* _WHAT YOU HAVE TO DO_
All lines from the opening of the entries below through the line containing "have fK : kills_delta2" must be output exactly as they appear, with no other lines.

= = = =

Section UceSpace.
Variables (K : fieldType) (n : nat) (L U : lmodType K)
  (br : {ffun 'I_n -> L} -> L) (alpha : L -> L) (g : {ffun 'I_n -> L} -> U).
Hypothesis gU : is_uce_space br alpha g.

Lemma uce_linear_ext (W : lmodType K) (h1 h2 : U -> W) :
  is_linear h1 -> is_linear h2 -> (forall x, h1 (g x) = h2 (g x)) ->
  forall z, h1 z = h2 z.
Proof.
case: gU => gL gK gUniv h1L h2L E.
have fL : multilinear (h1 \o g) by move=> x i a y z /=; rewrite gL h1L.
have fK : kills_delta2 br alpha (h1 \o g) by move=> x y /=; rewrite gK is_linear_sum.
have [_ uniq] := gUniv W _ fL fK.
by apply: uniq => // x /=; rewrite E.
Qed.

(* Induction on the number of leading entries not yet known to be pure
   tensors; each step is one application of uce_linear_ext. *)
Lemma uce_multilinear_ext (W : lmodType K) (F1 F2 : {ffun 'I_n -> U} -> W) :
  multilinear F1 -> multilinear F2 ->
  (forall X, F1 (fmap g X) = F2 (fmap g X)) -> forall Z, F1 Z = F2 Z.
Proof.
move=> F1L F2L E.
suff ext k : (k <= n)%N -> forall (Z : {ffun 'I_n -> U}) (Y : {ffun 'I_n -> {ffun 'I_n -> L}}),
    (forall j : 'I_n, (k <= j)%N -> Z j = g (Y j)) -> F1 Z = F2 Z.
  by move=> Z; apply: (ext n (leqnn n) Z [ffun=> [ffun=> 0]]) => j; rewrite leqNgt ltn_ord.
elim: k => [_ Z Y ZY|k IHk kn Z Y ZY].
  have -> : Z = fmap g Y by apply/ffunP=> j; rewrite ffunE ZY.
  exact: E.
pose i := Ordinal kn.
rewrite -(upd_id Z i).
apply: (uce_linear_ext (multilinear_upd Z i F1L) (multilinear_upd Z i F2L)) => w.
apply: (IHk (ltnW kn) _ (upd Y i w)) => j kj.
rewrite !ffunE; case: eqP => // /eqP ji.
apply: ZY; rewrite ltn_neqAle kj andbT.
by apply: contra ji => /eqP kj'; apply/eqP/val_inj; rewrite /= kj'.
Qed.

End UceSpace.

Section UniversalCentralExtension.
Variables (K : fieldType) (n : nat) (L U : lmodType K)
    (br : {ffun 'I_n -> L} -> L) (alpha : L -> L)
    (g : {ffun 'I_n -> L} -> U) (brU : {ffun 'I_n -> U} -> U)
    (alphaU : U -> U) (u : U -> L).
Hypotheses (n2 : (2 <= n)%N) (HL : is_HomLeibniz br alpha) (Lperf : perfect br)
  (alpha_inj : injective alpha) (Huce : is_uce br alpha g brU alphaU u)
  (UcondC : condC brU alphaU).

Let brL : multilinear br. Proof. by case: HL. Qed.
Let alphaL : is_linear alpha. Proof. by case: HL. Qed.
Let alpha_br x : alpha (br x) = br (fmap alpha x). Proof. by case: HL. Qed.
Let gU : is_uce_space br alpha g. Proof. by case: Huce. Qed.
Let gL : multilinear g. Proof. by case: gU. Qed.
Let gK : kills_delta2 br alpha g. Proof. by case: gU. Qed.
Let brUL : multilinear brU. Proof. by case: Huce => _ []. Qed.
Let brU_g X : brU (fmap g X) = g (fmap br X). Proof. by case: Huce => _ []. Qed.
Let alphaUL : is_linear alphaU. Proof. by case: Huce => _ _ []. Qed.
Let alphaU_g x : alphaU (g x) = g (fmap alpha x). Proof. by case: Huce => _ _ []. Qed.
Let uL : is_linear u. Proof. by case: Huce => _ _ _ []. Qed.
Let u_g x : u (g x) = br x. Proof. by case: Huce => _ _ _ []. Qed.

Lemma brU_fmap_u Z : brU Z = g (fmap u Z).
Proof.
apply: (uce_multilinear_ext gU (F2 := g \o fmap u) brUL) => [x i a y z|X] /=.
  by rewrite !fmap_upd uL; apply: gL.
by rewrite brU_g; congr g; apply/ffunP=> j; rewrite !ffunE u_g.
Qed.

Lemma u_brU X : u (brU X) = br (fmap u X).
Proof. by rewrite brU_fmap_u u_g. Qed.

Lemma u_alphaU x : u (alphaU x) = alpha (u x).
Proof.
apply: (uce_linear_ext gU (is_linear_comp alphaUL uL) (is_linear_comp uL alphaL)) => y /=.
by rewrite alphaU_g !u_g alpha_br.
Qed.

Lemma u_surj l : exists m, l = u m.
Proof.
have [s ->] := Lperf l; exists (\sum_(p <- s) p.1 *: g p.2).
by rewrite (is_linear_sum _ _ uL); apply: eq_bigr => p _; rewrite (is_linearZ uL) u_g.
Qed.

Lemma fmap_u_surj (y : {ffun 'I_n -> L}) : exists Y, y = fmap u Y.
Proof.
have /fin_all_exists [M yM] : forall j, exists m, y j = u m by move=> j; apply: u_surj.
by exists [ffun j => M j]; apply/ffunP=> j; rewrite !ffunE yM.
Qed.

Definition annihilator (v : L) := forall (z : {ffun 'I_n -> L}) k, br (upd z k v) = 0.

Lemma center_alpha_annihilator v :
  center (in_image alpha) br (alpha v) -> annihilator v.
Proof.
case=> _ vZ z k; apply: alpha_inj.
rewrite alpha_br fmap_upd (is_linear0 alphaL); apply: vZ => j.
by rewrite ffunE; exists (z j).
Qed.

Let i0 : 'I_n := Ordinal (ltnW n2).
Let i1 : 'I_n := Ordinal n2.
Let i10 : i1 != i0. Proof. by []. Qed.

Lemma g_annihilator_nonfirst (l : {ffun 'I_n -> L}) i : val i != 0%N ->
  annihilator (l i) -> g (fmap alpha l) = 0.
Proof.
move=> i_gt0 li_ann.
have gl0L := multilinear_upd (fmap alpha l) i0 gL.
have [s Es] := Lperf (l i0).
rewrite -(upd_id l i0) Es fmap_upd (is_linear_sum _ _ alphaL) (is_linear_sum _ _ gl0L).
apply: big1 => p _; rewrite (is_linearZ alphaL) (is_linearZ gl0L) alpha_br.
rewrite -(@set_first_upd _ _ _ i0) // gK big1 ?scaler0 // => k _.
apply: (multilinear0 (i := k) gL); rewrite upd_eq.
have -> : set_first l (fmap alpha p.2 k) = upd (set_first l (fmap alpha p.2 k)) i (l i).
  by apply/ffunP=> j; rewrite !ffunE; case: (eqVneq j i) => [->|//]; rewrite (negbTE i_gt0).
exact: li_ann.
Qed.

Lemma g_antisym01 (l : {ffun 'I_n -> L}) a b :
  g (fmap alpha (upd (upd l i1 b) i0 a)) = - g (fmap alpha (upd (upd l i1 a) i0 b)).
Proof.
pose Q p q := g (upd (upd (fmap alpha l) i1 q) i0 p).
have QD1 p p' q : Q (p + p') q = Q p q + Q p' q.
  exact: (is_linearD (multilinear_upd _ i0 gL)).
have QD2 p q q' : Q p (q + q') = Q p q + Q p q'.
  by rewrite /Q !(updC _ _ _ i10) (is_linearD (multilinear_upd _ i1 gL)).
have Qkk k : Q (alpha k) (alpha k) = 0.
  have [m ->] := u_surj k; have [M lM] := fmap_u_surj l.
  rewrite /Q -(UcondC m M) brU_fmap_u; congr g; apply/ffunP=> j.
  rewrite !ffunE lM; case: j => [[|[|j]] jn] //=; rewrite ?ffunE u_alphaU //.
have := Qkk (a + b); rewrite (is_linearD alphaL) QD1 !QD2 !Qkk add0r addr0.
by rewrite /Q -!fmap_upd => /eqP; rewrite addr_eq0 => /eqP.
Qed.

Lemma g_annihilator (l : {ffun 'I_n -> L}) i :
  annihilator (l i) -> g (fmap alpha l) = 0.
Proof.
case: (eqVneq (val i) 0%N) => [i_eq0|i_gt0]; last exact: g_annihilator_nonfirst.
have -> : i = i0 by apply: val_inj.
move=> l0_ann; have -> : l = upd (upd l i1 (l i1)) i0 (l i0) by rewrite !upd_id.
rewrite g_antisym01 (g_annihilator_nonfirst (i := i1)) ?oppr0 //.
by rewrite upd_neq // upd_eq.
Qed.

Lemma u_image_alpha x : in_image alphaU x -> in_image alpha (u x).
Proof. by case=> w ->; exists (u w); rewrite u_alphaU. Qed.

Lemma center_u x : center (in_image alphaU) brU x -> center (in_image alpha) br (u x).
Proof.
case=> xU xZ; split; first exact: u_image_alpha.
move=> i y yL.
have /fin_all_exists [M yM] : forall j, exists m, y j = u (alphaU m).
  by move=> j; have [w ->] := yL j; have [m ->] := u_surj w; exists m; rewrite u_alphaU.
have -> : y = fmap u [ffun j => alphaU (M j)] by apply/ffunP=> j; rewrite !ffunE yM.
rewrite -fmap_upd -u_brU xZ ?(is_linear0 uL) // => j.
by rewrite ffunE; exists (M j).
Qed.

Lemma center_of_u x : in_image alphaU x ->
  center (in_image alpha) br (u x) -> center (in_image alphaU) brU x.
Proof.
case=> w -> uxZ; split; first by exists w.
move=> i Y YU.
have /fin_all_exists [M YM] : forall j, exists m, Y j = alphaU m by [].
have -> : Y = fmap alphaU [ffun j => M j] by apply/ffunP=> j; rewrite !ffunE YM.
rewrite brU_fmap_u -fmap_upd.
have -> : fmap u (fmap alphaU (upd [ffun j => M j] i w))
          = fmap alpha (upd [ffun j => u (M j)] i (u w)).
  by apply/ffunP=> j; rewrite !ffunE u_alphaU; case: ifP; rewrite ?ffunE.
apply: (g_annihilator (i := i)); rewrite upd_eq.
by apply: center_alpha_annihilator; rewrite -u_alphaU.
Qed.

Lemma u_onto_mod_center z : in_image alpha z ->
  exists2 x, in_image alphaU x & center (in_image alpha) br (z - u x).
Proof.
case=> w ->; have [m ->] := u_surj w.
exists (alphaU m); first by exists m.
rewrite u_alphaU subrr; split; first by exists 0; rewrite (is_linear0 alphaL).
by move=> i y _; apply: (multilinear0 (i := i) brL); rewrite upd_eq.
Qed.

End UniversalCentralExtension.

(* Condition (C) is only needed on uce(L). *)
Theorem theorem5p7 (K : fieldType) (n : nat) (L U : lmodType K)
    (br : {ffun 'I_n -> L} -> L) (alpha : L -> L)
    (g : {ffun 'I_n -> L} -> U) (brU : {ffun 'I_n -> U} -> U)
    (alphaU : U -> U) (u : U -> L) :
  (2 <= n)%N ->
  is_HomLeibniz br alpha ->
  perfect br ->
  injective alpha ->
  is_uce br alpha g brU alphaU u ->
  condC br alpha ->
  condC brU alphaU ->
  (* the map x + Z(alphaU(U)) |-> u x + Z(alpha(L)) is a well-defined
     isomorphism alphaU(U)/Z(alphaU(U)) -> alpha(L)/Z(alpha(L)) *)
  [/\ (forall x, in_image alphaU x -> in_image alpha (u x)),
      (forall x, in_image alphaU x ->
         (center (in_image alpha) br (u x) <->
          center (in_image alphaU) brU x)),
      (forall z, in_image alpha z ->
         exists2 x, in_image alphaU x &
           center (in_image alpha) br (z - u x)),
      is_linear u /\ (forall X, u (brU X) = br (fmap u X))
    & (forall x, u (alphaU x) = alpha (u x))].
Proof.
move=> n2 HL Lperf alpha_inj Huce _ UcondC.
have [_ _ _ [uL _]] := Huce.
split.
- exact: u_image_alpha HL Huce.
- move=> x xU; split; first exact: center_of_u n2 HL Lperf alpha_inj Huce UcondC x xU.
  exact: center_u HL Lperf Huce x.
- exact: u_onto_mod_center HL Lperf Huce.
- by split; [exact: uL | exact: u_brU Huce].
- exact: u_alphaU HL Huce.
Qed.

= = = =

* _RESPONSE TO THE TASK_
Section UceSpace.
Variables (K : fieldType) (n : nat) (L U : lmodType K)
  (br : {ffun 'I_n -> L} -> L) (alpha : L -> L) (g : {ffun 'I_n -> L} -> U).
Hypothesis gU : is_uce_space br alpha g.

Lemma uce_linear_ext (W : lmodType K) (h1 h2 : U -> W) :
  is_linear h1 -> is_linear h2 -> (forall x, h1 (g x) = h2 (g x)) ->
  forall z, h1 z = h2 z.
Proof.
case: gU => gL gK gUniv h1L h2L E.
have fL : multilinear (h1 \o g) by move=> x i a y z /=; rewrite gL h1L.
have fK : kills_delta2 br alpha (h1 \o g) by move=> x y /=; rewrite gK is_linear_sum.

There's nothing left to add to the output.